## [Activity]
The records below hold a stretch from the line with "Lemma dsym (x y : X) : d x y = d y x." through the line with "have H1 := ble_join_vanish Hc (dtri x x' z)."; return exactly those lines, ends included, and nothing more.

## [Source information]
%%

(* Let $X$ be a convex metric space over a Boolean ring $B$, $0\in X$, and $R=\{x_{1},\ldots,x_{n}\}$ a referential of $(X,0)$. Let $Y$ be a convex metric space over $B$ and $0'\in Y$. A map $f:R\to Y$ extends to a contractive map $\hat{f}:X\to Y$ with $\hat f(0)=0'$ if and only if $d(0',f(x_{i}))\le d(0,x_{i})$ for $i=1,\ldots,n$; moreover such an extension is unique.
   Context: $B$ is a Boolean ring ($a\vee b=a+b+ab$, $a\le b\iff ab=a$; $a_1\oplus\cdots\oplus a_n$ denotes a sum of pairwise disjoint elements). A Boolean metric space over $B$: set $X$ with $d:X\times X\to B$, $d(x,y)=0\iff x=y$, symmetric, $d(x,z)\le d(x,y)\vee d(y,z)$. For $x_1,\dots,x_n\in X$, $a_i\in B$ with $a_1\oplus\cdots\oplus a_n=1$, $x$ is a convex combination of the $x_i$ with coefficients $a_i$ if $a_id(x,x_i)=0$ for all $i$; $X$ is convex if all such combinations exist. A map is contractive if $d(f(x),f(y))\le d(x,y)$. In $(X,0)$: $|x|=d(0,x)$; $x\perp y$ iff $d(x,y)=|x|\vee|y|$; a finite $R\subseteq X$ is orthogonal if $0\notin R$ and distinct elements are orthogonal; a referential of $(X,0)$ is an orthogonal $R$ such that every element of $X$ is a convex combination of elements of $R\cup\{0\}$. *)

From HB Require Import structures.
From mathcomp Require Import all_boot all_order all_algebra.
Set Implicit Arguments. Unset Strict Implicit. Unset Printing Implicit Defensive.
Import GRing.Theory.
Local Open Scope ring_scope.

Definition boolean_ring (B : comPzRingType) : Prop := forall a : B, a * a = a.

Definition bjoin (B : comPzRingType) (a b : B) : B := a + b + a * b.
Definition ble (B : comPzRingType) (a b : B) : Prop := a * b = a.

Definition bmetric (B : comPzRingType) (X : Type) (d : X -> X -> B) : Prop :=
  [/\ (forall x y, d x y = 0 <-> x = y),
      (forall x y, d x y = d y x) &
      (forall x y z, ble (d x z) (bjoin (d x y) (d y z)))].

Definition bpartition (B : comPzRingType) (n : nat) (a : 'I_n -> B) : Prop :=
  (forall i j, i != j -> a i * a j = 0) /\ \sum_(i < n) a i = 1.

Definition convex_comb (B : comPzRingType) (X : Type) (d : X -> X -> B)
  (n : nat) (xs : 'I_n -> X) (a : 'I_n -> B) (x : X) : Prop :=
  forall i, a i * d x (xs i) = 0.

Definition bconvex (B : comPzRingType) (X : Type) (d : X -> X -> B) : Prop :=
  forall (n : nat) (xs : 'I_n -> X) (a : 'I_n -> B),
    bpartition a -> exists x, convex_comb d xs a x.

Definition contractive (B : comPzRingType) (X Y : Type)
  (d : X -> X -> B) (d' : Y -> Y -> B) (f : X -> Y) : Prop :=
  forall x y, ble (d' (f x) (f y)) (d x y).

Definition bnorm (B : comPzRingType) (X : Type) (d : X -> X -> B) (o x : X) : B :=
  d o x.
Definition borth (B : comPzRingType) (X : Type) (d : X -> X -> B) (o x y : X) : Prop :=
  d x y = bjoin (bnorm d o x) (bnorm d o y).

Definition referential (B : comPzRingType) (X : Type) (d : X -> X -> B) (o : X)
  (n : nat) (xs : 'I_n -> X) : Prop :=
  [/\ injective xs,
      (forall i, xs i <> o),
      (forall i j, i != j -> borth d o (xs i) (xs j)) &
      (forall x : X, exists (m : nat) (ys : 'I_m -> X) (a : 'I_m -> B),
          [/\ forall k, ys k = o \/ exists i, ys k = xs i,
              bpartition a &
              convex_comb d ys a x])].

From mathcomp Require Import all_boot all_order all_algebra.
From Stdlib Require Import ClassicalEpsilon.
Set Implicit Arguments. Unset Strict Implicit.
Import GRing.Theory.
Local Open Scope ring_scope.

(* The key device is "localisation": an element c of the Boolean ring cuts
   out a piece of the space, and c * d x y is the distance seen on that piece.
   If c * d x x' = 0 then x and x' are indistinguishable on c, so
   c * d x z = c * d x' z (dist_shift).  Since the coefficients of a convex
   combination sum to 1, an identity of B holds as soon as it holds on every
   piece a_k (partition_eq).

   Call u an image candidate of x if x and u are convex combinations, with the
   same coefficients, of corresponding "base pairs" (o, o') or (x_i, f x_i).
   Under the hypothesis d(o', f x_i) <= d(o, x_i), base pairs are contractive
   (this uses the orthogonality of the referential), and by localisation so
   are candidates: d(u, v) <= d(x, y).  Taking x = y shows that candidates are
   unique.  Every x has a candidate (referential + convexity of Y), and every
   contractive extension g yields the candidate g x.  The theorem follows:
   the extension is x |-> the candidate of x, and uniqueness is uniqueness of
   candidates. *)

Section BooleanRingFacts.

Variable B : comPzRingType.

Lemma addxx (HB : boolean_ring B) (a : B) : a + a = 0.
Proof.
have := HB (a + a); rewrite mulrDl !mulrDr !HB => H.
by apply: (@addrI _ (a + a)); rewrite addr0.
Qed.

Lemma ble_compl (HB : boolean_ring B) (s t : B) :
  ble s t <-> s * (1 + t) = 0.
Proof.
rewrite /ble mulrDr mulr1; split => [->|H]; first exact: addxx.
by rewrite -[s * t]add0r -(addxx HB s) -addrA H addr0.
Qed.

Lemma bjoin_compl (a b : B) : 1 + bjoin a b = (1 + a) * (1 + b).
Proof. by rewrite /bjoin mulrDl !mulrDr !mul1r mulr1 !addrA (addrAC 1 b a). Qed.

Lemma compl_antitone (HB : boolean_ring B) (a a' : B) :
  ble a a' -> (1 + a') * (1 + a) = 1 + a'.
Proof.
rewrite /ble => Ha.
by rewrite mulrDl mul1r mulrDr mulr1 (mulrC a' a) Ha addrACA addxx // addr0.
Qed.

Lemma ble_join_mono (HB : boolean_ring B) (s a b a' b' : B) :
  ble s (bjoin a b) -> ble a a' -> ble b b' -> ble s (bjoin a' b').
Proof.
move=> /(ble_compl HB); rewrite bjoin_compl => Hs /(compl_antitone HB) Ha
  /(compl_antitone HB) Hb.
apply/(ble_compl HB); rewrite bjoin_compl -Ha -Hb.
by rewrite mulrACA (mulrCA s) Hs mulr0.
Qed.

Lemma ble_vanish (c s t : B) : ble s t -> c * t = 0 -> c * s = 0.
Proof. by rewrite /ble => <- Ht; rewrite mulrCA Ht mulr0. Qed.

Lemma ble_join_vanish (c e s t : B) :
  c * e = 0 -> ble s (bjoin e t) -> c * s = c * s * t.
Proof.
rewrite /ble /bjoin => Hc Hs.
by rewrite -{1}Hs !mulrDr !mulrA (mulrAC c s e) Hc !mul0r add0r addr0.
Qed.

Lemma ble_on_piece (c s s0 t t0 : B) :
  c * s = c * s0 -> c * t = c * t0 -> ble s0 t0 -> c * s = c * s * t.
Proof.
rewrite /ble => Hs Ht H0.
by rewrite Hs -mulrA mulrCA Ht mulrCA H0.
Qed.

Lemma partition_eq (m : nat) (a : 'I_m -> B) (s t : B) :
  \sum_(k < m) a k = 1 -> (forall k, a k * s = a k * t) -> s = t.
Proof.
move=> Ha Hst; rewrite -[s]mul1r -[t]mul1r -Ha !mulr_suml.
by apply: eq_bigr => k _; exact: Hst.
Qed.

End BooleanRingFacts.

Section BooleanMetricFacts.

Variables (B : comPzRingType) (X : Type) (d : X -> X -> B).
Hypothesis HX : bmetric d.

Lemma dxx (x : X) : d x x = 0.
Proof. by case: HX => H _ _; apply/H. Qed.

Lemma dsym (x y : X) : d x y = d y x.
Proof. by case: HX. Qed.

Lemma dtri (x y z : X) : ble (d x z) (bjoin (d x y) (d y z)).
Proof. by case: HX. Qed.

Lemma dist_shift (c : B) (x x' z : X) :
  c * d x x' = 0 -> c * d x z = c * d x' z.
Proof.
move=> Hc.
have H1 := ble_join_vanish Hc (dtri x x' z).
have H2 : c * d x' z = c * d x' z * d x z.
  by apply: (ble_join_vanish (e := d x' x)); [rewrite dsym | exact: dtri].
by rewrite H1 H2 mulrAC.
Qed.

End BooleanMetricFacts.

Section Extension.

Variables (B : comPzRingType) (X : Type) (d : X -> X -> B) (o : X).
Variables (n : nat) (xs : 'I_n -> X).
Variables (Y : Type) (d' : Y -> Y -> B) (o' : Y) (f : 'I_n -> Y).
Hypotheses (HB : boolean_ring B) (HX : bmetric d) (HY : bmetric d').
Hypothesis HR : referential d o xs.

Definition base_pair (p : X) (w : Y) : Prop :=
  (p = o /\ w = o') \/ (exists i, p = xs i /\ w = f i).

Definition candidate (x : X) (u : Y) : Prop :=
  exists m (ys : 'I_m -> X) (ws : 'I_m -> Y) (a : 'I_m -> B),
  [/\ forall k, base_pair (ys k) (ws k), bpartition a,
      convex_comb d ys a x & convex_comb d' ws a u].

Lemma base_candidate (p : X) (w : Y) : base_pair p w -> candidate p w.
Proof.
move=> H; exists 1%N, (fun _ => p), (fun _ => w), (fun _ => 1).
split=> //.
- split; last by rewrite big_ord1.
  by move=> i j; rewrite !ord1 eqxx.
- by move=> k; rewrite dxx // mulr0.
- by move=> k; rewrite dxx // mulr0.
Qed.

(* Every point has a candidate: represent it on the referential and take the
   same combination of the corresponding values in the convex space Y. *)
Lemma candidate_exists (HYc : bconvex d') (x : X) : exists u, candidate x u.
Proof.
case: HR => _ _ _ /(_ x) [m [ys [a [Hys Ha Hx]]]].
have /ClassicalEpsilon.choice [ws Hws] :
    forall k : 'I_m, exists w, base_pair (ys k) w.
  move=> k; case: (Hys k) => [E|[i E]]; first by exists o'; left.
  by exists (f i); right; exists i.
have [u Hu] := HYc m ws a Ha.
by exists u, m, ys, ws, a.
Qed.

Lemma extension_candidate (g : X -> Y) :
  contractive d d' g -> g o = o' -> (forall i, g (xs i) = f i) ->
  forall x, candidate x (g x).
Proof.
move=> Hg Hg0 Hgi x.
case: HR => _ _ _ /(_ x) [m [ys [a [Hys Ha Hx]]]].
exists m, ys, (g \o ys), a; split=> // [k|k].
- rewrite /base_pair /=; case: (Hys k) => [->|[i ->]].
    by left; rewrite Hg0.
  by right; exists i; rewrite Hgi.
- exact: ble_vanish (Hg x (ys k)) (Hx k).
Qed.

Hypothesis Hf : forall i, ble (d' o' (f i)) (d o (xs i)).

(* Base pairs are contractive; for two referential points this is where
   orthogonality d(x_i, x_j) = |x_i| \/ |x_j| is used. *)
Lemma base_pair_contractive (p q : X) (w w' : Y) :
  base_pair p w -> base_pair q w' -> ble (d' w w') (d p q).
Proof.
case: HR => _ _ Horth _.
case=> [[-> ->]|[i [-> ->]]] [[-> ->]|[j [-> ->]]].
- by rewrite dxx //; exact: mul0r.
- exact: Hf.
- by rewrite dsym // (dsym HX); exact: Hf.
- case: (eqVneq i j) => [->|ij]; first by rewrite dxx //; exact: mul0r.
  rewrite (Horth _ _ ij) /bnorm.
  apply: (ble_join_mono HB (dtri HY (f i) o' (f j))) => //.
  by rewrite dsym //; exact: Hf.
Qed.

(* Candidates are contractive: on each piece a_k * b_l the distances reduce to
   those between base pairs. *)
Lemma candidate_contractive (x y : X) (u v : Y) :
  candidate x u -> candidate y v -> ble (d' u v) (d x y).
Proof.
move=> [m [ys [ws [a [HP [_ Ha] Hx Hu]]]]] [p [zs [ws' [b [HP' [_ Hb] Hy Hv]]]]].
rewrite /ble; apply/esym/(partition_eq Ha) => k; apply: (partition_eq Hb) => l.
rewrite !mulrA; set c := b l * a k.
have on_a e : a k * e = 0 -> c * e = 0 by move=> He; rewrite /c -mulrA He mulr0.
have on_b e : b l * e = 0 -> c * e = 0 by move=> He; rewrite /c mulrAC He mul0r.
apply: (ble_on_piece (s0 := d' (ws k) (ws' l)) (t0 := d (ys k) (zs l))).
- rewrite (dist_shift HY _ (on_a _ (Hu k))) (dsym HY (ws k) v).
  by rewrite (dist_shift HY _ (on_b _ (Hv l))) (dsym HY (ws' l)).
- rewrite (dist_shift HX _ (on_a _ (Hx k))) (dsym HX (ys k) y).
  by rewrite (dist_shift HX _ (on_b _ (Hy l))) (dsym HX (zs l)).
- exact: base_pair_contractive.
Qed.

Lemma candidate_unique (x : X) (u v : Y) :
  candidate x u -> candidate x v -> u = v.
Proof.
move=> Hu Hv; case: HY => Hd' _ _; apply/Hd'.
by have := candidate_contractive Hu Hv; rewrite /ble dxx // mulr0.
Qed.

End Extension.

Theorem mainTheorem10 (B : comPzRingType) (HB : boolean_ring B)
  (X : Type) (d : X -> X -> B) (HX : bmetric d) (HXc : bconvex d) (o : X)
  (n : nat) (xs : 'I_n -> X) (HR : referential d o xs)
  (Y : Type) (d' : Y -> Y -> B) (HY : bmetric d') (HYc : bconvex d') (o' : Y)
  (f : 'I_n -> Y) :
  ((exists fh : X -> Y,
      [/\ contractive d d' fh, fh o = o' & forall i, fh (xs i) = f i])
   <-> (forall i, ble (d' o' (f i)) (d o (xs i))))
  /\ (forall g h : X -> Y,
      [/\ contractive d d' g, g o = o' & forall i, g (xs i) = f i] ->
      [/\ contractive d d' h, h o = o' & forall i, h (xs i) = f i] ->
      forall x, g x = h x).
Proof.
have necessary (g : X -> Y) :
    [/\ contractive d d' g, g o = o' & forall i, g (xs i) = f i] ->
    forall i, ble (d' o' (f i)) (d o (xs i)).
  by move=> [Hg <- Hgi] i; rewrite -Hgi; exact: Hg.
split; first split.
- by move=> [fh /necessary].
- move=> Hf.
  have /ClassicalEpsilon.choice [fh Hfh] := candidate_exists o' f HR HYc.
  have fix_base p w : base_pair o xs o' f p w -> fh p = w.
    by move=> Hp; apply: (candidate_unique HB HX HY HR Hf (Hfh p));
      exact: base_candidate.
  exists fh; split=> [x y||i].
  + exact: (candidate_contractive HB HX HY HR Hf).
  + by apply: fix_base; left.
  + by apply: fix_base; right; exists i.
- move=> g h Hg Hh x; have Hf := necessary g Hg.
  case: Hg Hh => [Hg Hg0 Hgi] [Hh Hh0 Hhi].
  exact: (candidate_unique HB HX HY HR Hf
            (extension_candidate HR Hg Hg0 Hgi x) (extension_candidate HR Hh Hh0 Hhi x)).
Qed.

%%

## [Reply to the exercise]
Lemma dsym (x y : X) : d x y = d y x.
Proof. by case: HX. Qed.

Lemma dtri (x y z : X) : ble (d x z) (bjoin (d x y) (d y z)).
Proof. by case: HX. Qed.

Lemma dist_shift (c : B) (x x' z : X) :
  c * d x x' = 0 -> c * d x z = c * d x' z.
Proof.
move=> Hc.
have H1 := ble_join_vanish Hc (dtri x x' z).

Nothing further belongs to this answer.